Entries provided:
(* Let $d\in\mathbb{N}$, and let $x,y\in\mathbb{R}^d$. The sets $\Pi$, $\Pi^{y}$ and $\Phi(x)$ are coanalytic, and hence Lebesgue measurable.
   Context: For $z\in\mathbb{R}^d$, $\|z\|$ denotes the sup-norm distance from $z$ to $\mathbb{Z}^d$. Write $\mathbb{N}=\{1,2,\dots\}$. For $\psi:\mathbb{N}\to\mathbb{R}_{\ge 0}$, let $W(\psi)$ be the set of pairs $(x,y)\in\mathbb{R}^d\times\mathbb{R}^d$ for which $\|nx+y\|<\psi(n)$ holds for infinitely many $n\in\mathbb{N}$. $\mathcal{D}$ is the set of all non-increasing $\psi:\mathbb{N}\to\mathbb{R}_{\ge0}$ with $\sum_n\psi(n)^d=\infty$, and $\Pi=\bigcap_{\psi\in\mathcal{D}}W(\psi)$. The vertical fiber is $\Phi(x)=\{y\in\mathbb{R}^d:(x,y)\in\Pi\}$ and the horizontal fiber is $\Pi^{y}=\{x\in\mathbb{R}^d:(x,y)\in\Pi\}$. Definitions from descriptive set theory: - A set is analytic if it is the projection of a Borel subset of $\mathbb{N}^{\mathbb{N}}\times X$, where $X$ is the ambient Euclidean space. - A set is coanalytic if its complement is analytic. *)

From HB Require Import structures.
From mathcomp Require Import all_boot all_order all_algebra.
From mathcomp Require Import all_classical all_reals all_analysis.
Import Order.TTheory GRing.Theory Num.Theory.
Import numFieldNormedType.Exports.
Local Open Scope classical_set_scope.
Local Open Scope ring_scope.

(* Points of R^d are row vectors 'rV[R]_d; the norm `|.| on 'rV[R]_d in
   MathComp-Analysis is the sup norm (mx_norm = max of |coordinates|). *)

Definition intvec (R : realType) (d : nat) : set 'rV[R]_d :=
  [set k | forall i, k ord0 i \is a Num.int].
Definition distZ (R : realType) (d : nat) (z : 'rV[R]_d) : R :=
  inf [set `|z - k| | k in intvec R d].

Definition W (R : realType) (d : nat) (psi : nat -> R) : set ('rV[R]_d * 'rV[R]_d) :=
  [set xy | infinite_set [set n : nat | (0 < n)%N /\ distZ R d (n%:R *: xy.1 + xy.2) < psi n]].

(* D: non-increasing psi : N -> R_{>=0} with sum_{n>=1} psi(n)^d = oo.
   psi is a function on nat; only its values on N = {1,2,...} matter. *)
Definition inD (R : realType) (d : nat) (psi : nat -> R) : Prop :=
  (forall n, (0 < n)%N -> 0 <= psi n) /\
  (forall m n, (0 < m)%N -> (m <= n)%N -> psi n <= psi m) /\
  (\sum_(1 <= n <oo) ((psi n) ^+ d)%:E = +oo)%E.

Definition Pi (R : realType) (d : nat) : set ('rV[R]_d * 'rV[R]_d) :=
  [set xy | forall psi, inD R d psi -> W R d psi xy].

Definition Phi (R : realType) (d : nat) (x : 'rV[R]_d) : set 'rV[R]_d :=
  [set y | Pi R d (x, y)].
Definition Pi_hfib (R : realType) (d : nat) (y : 'rV[R]_d) : set 'rV[R]_d :=
  [set x | Pi R d (x, y)].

About this exercise: When the word "Scope" shows up in a line of the entries, pull that line out.

Result for this task:
Local Open Scope classical_set_scope.
Local Open Scope ring_scope.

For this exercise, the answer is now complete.